The annual operating cost results of the seven scenarios simulated for each of the processes are shown in Figure 11. According to the data shown in Figure 11, the annual operating costs of the three processes are not strong functions of the lean amine temperature. These observations can be justified by undermining the data shown in Figure 8 and Figure 9. It was mentioned earlier that the stripper’s reboiler duty doesn’t vary with changing the lean amine temperature, also, it was mentioned that decreasing the lean amine temperature has a positive effect on the heat exchanger’s duty and a negative effect on the cooler’s duty. Based on these information it is concluded that the negative and positive effects of this change are not very steep or that these effects neutralize each other and this the reason that no discernable change in utility costs and subsequently annual operating costs of the system is reported. It is also clear from Figure 11that the annual operating costs and utility costs of the DEA process are lower than that of the DGA and the MDEA+DEA processes.

Considering a life cycle of 25 years for operating the three processes, the dominant costs associated with the processes are the annual operating costs and utility costs. From the data shown in Figure 11 it is observed that the annual operating costs and utility costs of the DGA and DEA processes are not affected by the choice of lean amine temperature, so for these two processes, the lean amine temperature doesn’t play a crucial part in the costs of the processes. However, for the MDEA+DEA process, the results are more complicated and the annual operating costs of the process don’t follow a simple trend and the minimum annual operating costs are observed at lean amine temperature of 30°C. Considering a life cycle of 25 years, this temperature shows the best economic performance for this process.

Based on the fore mentioned discussions, there are several advantages in operating the DGA, DEA and MDEA+DEA sweetening processes with higher lean amine temperatures. Lower process’s capital costs, lower rich amine hydrocarbon pick up in case of MDEA+DEA process and lower cooler’s duty are obtained by operating the process at higher lean amine temperatures.

An improvement to the results of this research can be investigation of cost and energy requirements of other suitable sweetening processes. Investigating costs and energy requirements of other suitable processes for the sweetening of natural gas with specifications close to the natural gas that i have considered, can be the topic of future studies.

Conclusion

Effects of cooler’s operating parameters on the performance of three sweetening processes designed for sweetening the natural gas produced in a gas field having high CO2 /H2S ratio (with the specifications described in section 2) have been investigated. DEA, DGA and MDEA+DEA processes have been selected for sweetening the natural gas produced in this gas field.
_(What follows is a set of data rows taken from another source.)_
Theorem theorem2 (G : monoid) (N : nearRing) (Ng : G -> N -> Prop)
  (HN : graded N G Ng) (P : N -> Prop) (HP : graded_weakly_prime N G Ng P)
  (I J : N -> Prop) (HI : graded_ideal N G Ng I) (HJ : graded_ideal N G Ng J)
  (HIJ : set_eq N (set_mul N I J) (zero_set N))
  (HIP : ~ subset N I P) (HJP : ~ subset N J P) :
  set_eq N (set_mul N I P) (set_mul N P J).
Proof.
  pose proof HP as [[[(P0 & _) _] _] _].
  pose proof HI as [[(I0 & _) _] _].
  pose proof HJ as [[(J0 & _) _] _].
  assert (HIJP : subset N (set_mul N I J) P).
  { intros z Hz. apply HIJ in Hz. now rewrite Hz. }
  assert (HIP0 : set_eq N (set_mul N I P) (zero_set N)).
  { apply set_mul_eq_zero_set; auto.
    intros i p. now apply (weakly_prime_mul_eq0_l G Ng P HP HN I J). }
  assert (HPJ0 : set_eq N (set_mul N P J) (zero_set N)).
  { apply set_mul_eq_zero_set; auto.
    intros p j. now apply (weakly_prime_mul_eq0_r G Ng P HP HN I J). }
  intros z. now rewrite (HIP0 z), (HPJ0 z).
Qed.
Lemma approx_cell_mem K q (x : R) (p : int) :
  (2 ^ K <= supnormn q)%N -> `|x| <= N -> (N *+ 2)^-1 <= `|linform b q| ->
  `|x * linform b q + p%:~R| <= (supnormn q)%:R `^ (- v) -> approx_cell K q x.
Proof.
move=> hKq hx hL happ; rewrite /approx_cell hL.
set L := linform b q in hL happ *; set t := int_range q.
have L0 : 0 < `|L| by apply: lt_le_trans hL; rewrite invr_gt0 mulrn_wgt0.
have q1 : (1 <= supnormn q)%N by apply: leq_trans hKq; rewrite expn_gt0.
have happ1 : `|x * L + p%:~R| <= 1.
  apply: le_trans happ (le_trans (ler_powRN ltr01 _ (ltW v0)) _).
    by rewrite ler1n.
  by rewrite powR1.
have hp : `|p| < t.+2 :> int.
  rewrite -(ltr_int R) intr_norm -[p%:~R](addrK (x * L)) [_ + x * L]addrC.
  apply: le_lt_trans (ler_normB _ _) _.
  rewrite -[(t.+2)%:~R]/((1 + t.+1)%:R : R) natrD ler_ltD // normrM.
  by apply: le_lt_trans (ler_wpM2r (normr_ge0 _) hx) _; apply: truncnS_gt.
have [i hi ep] : exists2 i, (i < t.*2.+3)%N & p = i%:Z - (t.+1)%:Z.
  by exists (absz (p + (t.+1)%:Z)); move: hp; clear; lia.
apply: (bigsetU_sup hi); rewrite /approx_ball -/t -ep -/L.
rewrite closed_ballE ?divr_gt0 ?radius_gt0 // /closed_ball_ /=.
have -> : - p%:~R / L - x = - ((x * L + p%:~R) / L).
  by field; rewrite -normr_eq0 gt_eqF.
rewrite normrN normrM normfV ler_wpM2r ?invr_ge0 //.
apply: le_trans happ (ler_powRN _ _ (ltW v0)); rewrite ?ler_nat // ltr0n expn_gt0.
Qed.

Lemma approx_level_sup K q : (supnormn q <= 2 ^ K.+1)%N ->
  approx_cell K q `<=` approx_level K.
Proof. by move=> /box_pointP [f ->]; apply: bigsetU_fin_sup. Qed.

End ApproxCover.

Lemma W_set_le k (v v' : R) (y : 'rV[R]_k) :
  0 < v' -> v' <= v -> W_set v y -> W_set v' y.
Proof.
move=> v'0 v'v hW fin; apply: hW; apply: sub_finite_set fin => q [p hp].
exists p; apply: le_trans hp _; rewrite supnormZE.
have [->|q0] := eqVneq (supnormn q) 0%N.
  by rewrite !powR0 // oppr_eq0 gt_eqF // (lt_le_trans v'0).
by apply: ler_powR; rewrite ?ler1n ?lt0n ?lerN2.
Qed.
Lemma exists_minimal_admissible A B :
  admissible A B -> exists K1 K2, minimal_admissible K1 K2 /\ K1 ⊆ A /\ K2 ⊆ B.
Proof.
intros HAB.
destruct (zorn_minimal (fun p => admissible (fst p) (snd p) /\ subpair p (A, B)) subpair)
  as [[K1 K2] [[HK HKAB] Hmin]].
- intros p. split; auto.
- intros p q s [H1 H2] [H3 H4]. split; auto.
- exists (A, B). split; [exact HAB|split; auto].
- intros C [p0 Cp0] HCP Htot.
  exists (fun x => forall p, C p -> fst p x, fun y => forall p, C p -> snd p y).
  split; [split|].
  + apply admissible_chain_inter; [exists p0; exact Cp0|exact Htot|].
    intros p Cp. apply HCP, Cp.
  + destruct (proj2 (HCP p0 Cp0)) as [H1 H2].
    split; intros z Hz; [apply H1|apply H2]; apply Hz, Cp0.
  + intros p Cp. split; simpl; intros z Hz; apply Hz, Cp.
- destruct HKAB as [HKA HKB]. simpl in *.
  exists K1, K2. split; [split; [exact HK|]|auto].
  intros E1 E2 HE H1 H2.
  apply (Hmin (E1, E2)); [split; [exact HE|split; simpl; auto]|split; auto].
Qed.

Section MinimalPair.
Variables K1 K2 : X -> Prop.
Hypotheses (HK : minimal_admissible K1 K2) (HT : relatively_nonexpansive d K1 K2 T).

Lemma minimal_near_l : K1 ⊆ near K2 D.
Proof.
destruct HK as [[] Hmin].
assert (HE : admissible (fun x => K1 x /\ near K2 D x) K2).
{ apply admissible_sym, admissible_near_part; auto.
  - apply nonexpansive_sym, HT.
  - apply near_sym; assumption. }
intros x K1x. apply (proj1 (Hmin _ _ HE (fun z Hz => proj1 Hz) (fun z Hz => Hz)) x K1x).
Qed.

Lemma minimal_near_r : K2 ⊆ near K1 D.
Proof.
destruct HK as [[] Hmin].
assert (HE : admissible K1 (fun y => K2 y /\ near K1 D y)) by (apply admissible_near_part; auto).
intros y K2y. apply (proj2 (Hmin _ _ HE (fun z Hz => Hz) (fun z Hz => proj1 Hz)) y K2y).
Qed.

(* The bound [r] on the distances from one point of [K1] to [K2] spreads to all
   of [K1]: the set [K1'] of such points is [T]-invariant because, by minimality,
   every point of [K2] lies within [r] of [T K1']; minimality again gives K1' = K1. *)
Lemma minimal_within x1 r : K1 x1 -> within K2 r x1 -> K1 ⊆ within K2 r.
Proof.
intros K1x1 Hx1. destruct HK as [HKadm Hmin].
pose proof HKadm as [Hc1 Hc2 Hv1 Hv2 Hb1 Hb2 HT1 HT2 [x0 [K1x0 [y0 [K2y0 Hxy0]]]]].
set (K1' := fun x => K1 x /\ within K2 r x).
set (L2 := fun y => K2 y /\ within (fun z => exists x, K1' x /\ T x = z) r y).
assert (HTL2 : forall y, K2 y -> L2 (T y)).
{ intros y K2y. split; [auto|]. intros z [x [[K1x Hx] <-]].
  rewrite (distC d Hm). apply (Rle_trans _ (d x y)); auto. }
assert (HL2 : admissible K1 L2).
{ constructor; auto.
  - apply within_closed; assumption.
  - apply within_convex; assumption.
  - apply (bounded_sub d K2); [intros y [K2y _]; exact K2y|exact Hb2].
  - intros y [K2y _]. apply HTL2, K2y.
  - exists (T x0). split; [auto|]. exists (T y0). split; [auto|].
    apply (Rle_trans _ (d x0 y0)); auto. }
assert (HK2 : K2 ⊆ L2) by (apply (Hmin K1 L2 HL2); [auto|intros y [K2y _]; exact K2y]).
assert (HK1' : admissible K1' K2).
{ constructor; auto.
  - apply within_closed; assumption.
  - apply within_convex; assumption.
  - apply (bounded_sub d K1); [intros x [K1x _]; exact K1x|exact Hb1].
  - intros x Hx. split; [apply HT1, Hx|]. intros y K2y.
    rewrite (distC d Hm). apply (proj2 (HK2 y K2y)). exists x. auto.
  - exists x1. split; [split; assumption|apply minimal_near_l, K1x1]. }
intros x K1x. apply (proj1 (Hmin K1' K2 HK1' (fun z Hz => proj1 Hz) (fun z Hz => Hz)) x K1x).
Qed.

Hypothesis Hlow : forall x y, K1 x -> K2 y -> D <= d x y.

Lemma minimal_nonempty : nonempty K1 /\ nonempty K2.
Proof.
destruct HK as [[_ _ _ _ _ _ _ _ [x [K1x [y [K2y _]]]]] _].
split; [exists x|exists y]; assumption.
Qed.

Lemma minimal_dist_sets : dist_sets d K1 K2 = D.
Proof.
destruct HK as [[_ _ _ _ _ _ _ _ [x [K1x [y [K2y Hxy]]]]] _].
apply (dist_sets_eq d Hm K1 K2 D x y Hlow K1x K2y).
apply Rle_antisym; [exact Hxy|apply Hlow; assumption].
Qed.

Lemma minimal_proximal : proximal_pair d K1 K2.
Proof.
intros a b K1a K2b. rewrite minimal_dist_sets.
destruct (minimal_near_l a K1a) as [b' [K2b' Hab']].
destruct (minimal_near_r b K2b) as [a' [K1a' Hba']].
exists a', b'. rewrite (distC d Hm a' b).
repeat split; try assumption; apply Rle_antisym; auto.
rewrite (distC d Hm). auto.
Qed.

Lemma minimal_delta_le A B :
  proximal_normal_structure d A B -> K1 ⊆ A -> K2 ⊆ B -> dist_sets d A B = D ->
  delta d K1 K2 <= D.
Proof.
intros Hpns HKA HKB HD. destruct HK as [[Hc1 Hc2 Hv1 Hv2 Hb1 Hb2 _ _ _] _].
destruct minimal_nonempty as [HK1 HK2].
apply Rnot_lt_le. intros Hgt.
destruct (Hpns K1 K2 HK1 HK2 Hc1 Hc2 Hb1 Hb2 Hv1 Hv2 minimal_proximal HKA HKB)
  as [x1 [x2 [K1x1 [_ [Hx1 _]]]]]; rewrite ?minimal_dist_sets; auto.
assert (Hwithin : within K2 (delta_pt d x1 K2) x1).
{ intros y K2y. apply (delta_pt_ge d Hm); assumption. }
pose proof (minimal_within x1 _ K1x1 Hwithin) as Hall.
assert (delta d K1 K2 <= delta_pt d x1 K2); [|lra].
apply (delta_spec d Hm K1 K2); auto. intros x y K1x K2y. apply (Hall x K1x y K2y).
Qed.

Lemma minimal_fixed_points :
  delta d K1 K2 <= D -> exists x y, K1 x /\ K2 y /\ x = T x /\ y = T y /\ d x y = D.
Proof.
intros Hdelta. destruct HK as [[Hc1 Hc2 Hv1 Hv2 Hb1 Hb2 HT1 HT2 _] _].
destruct minimal_nonempty as [HK1 HK2].
assert (Hall : forall x y, K1 x -> K2 y -> d x y = D).
{ intros x y K1x K2y. apply Rle_antisym; [|auto].
  eapply Rle_trans; [apply (delta_spec d Hm K1 K2 HK1 HK2 Hb1 Hb2)|]; eauto. }
destruct HK1 as [x K1x], HK2 as [y K2y]. exists x, y. repeat split; auto.
- apply (convex_equidistant_eq d Hm Hb Hg K1 y D); auto.
  intros z K1z. rewrite (distC d Hm). auto.
- apply (convex_equidistant_eq d Hm Hb Hg K2 x D); auto.
Qed.

End MinimalPair.

End AdmissiblePairs.

Theorem mainTheorem3 (X : Type) (d : X -> X -> R) (A B : X -> Prop) (T : X -> X) :
  is_metric d -> geodesic_space d -> busemann_convex d -> reflexive d ->
  nonempty A -> nonempty B -> metric_closed d A -> metric_closed d B ->
  convex d A -> convex d B -> metric_bounded d A ->
  (forall x, A x \/ B x -> A (T x) \/ B (T x)) ->
  noncyclic A B T -> relatively_nonexpansive d A B T ->
  proximal_normal_structure d A B ->
  exists x y, A x /\ B y /\ x = T x /\ y = T y /\ d x y = dist_sets d A B.
Proof.
intros Hm Hg Hb Hr HA HB HcA HcB HvA HvB HbA _ [HTA HTB] HT Hpns.
set (D := dist_sets d A B).
destruct (dist_sets_spec d Hm A B HA HB) as [Hlow _].
destruct (near_attained d Hm Hb Hg Hr A B D HcA HvA HbA HcB HvB) as [x0 Hx0].
{ intros r Hr0. destruct (dist_sets_approx d Hm A B r HA HB Hr0) as [x [y [Ax [By Hxy]]]].
  exists x. split; [exact Ax|exists y; auto]. }
destruct (exists_minimal_admissible d Hm Hb Hg Hr T D A (fun y => B y /\ near d A D y))
  as [K1 [K2 [HK [HKA HKB]]]].
{ apply admissible_near_part; eauto. }
assert (HKT : relatively_nonexpansive d K1 K2 T).
{ intros x y K1x K2y. apply HT; [apply HKA|apply HKB]; assumption. }
assert (HKlow : forall x y, K1 x -> K2 y -> D <= d x y).
{ intros x y K1x K2y. apply Hlow; [apply HKA|apply HKB]; assumption. }
destruct (minimal_fixed_points d Hm Hb Hg T D K1 K2 HK HKlow) as [x [y [K1x [K2y Hxy]]]].
{ apply (minimal_delta_le d Hm Hb Hg Hr T D K1 K2 HK HKT HKlow A B Hpns); auto.
  intros y K2y. apply HKB, K2y. }
exists x, y. split; [apply HKA, K1x|split; [apply HKB, K2y|exact Hxy]].
Qed.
Each of these processes was designed in such a way to reach concentrations lower than 1mol% CO2 and lower than 4ppm H2S for the sweet gas.

Based on the results of this study, for DEA and DGA processes, in the range of lean amine temperature between 30 °C – 60 °C, operating the processes with higher lean amine temperature exhibit several advantages. Lower process’s capital costs, lower rich amine hydrocarbon pick up in case of MDEA+DEA process and lower cooler’s duty were obtained by operating the processes at higher values of lean amine temperature. Although the circulation rate of the solution needed to reach concentrations lower than 1mol% CO2 and lower than 4ppm H2S for the sweet gas slightly increased when the lean amine temperature increased, it is recommended to operate the DGA and DEA sweetening processes at higher lean amine temperatures.

An improvement to the results of this research can be investigation of cost and energy requirements of other suitable sweetening processes. Investigating costs and energy requirements of other suitable processes for the sweetening of natural gas with specifications close to the natural gas that I have considered, can be the topic of future studies.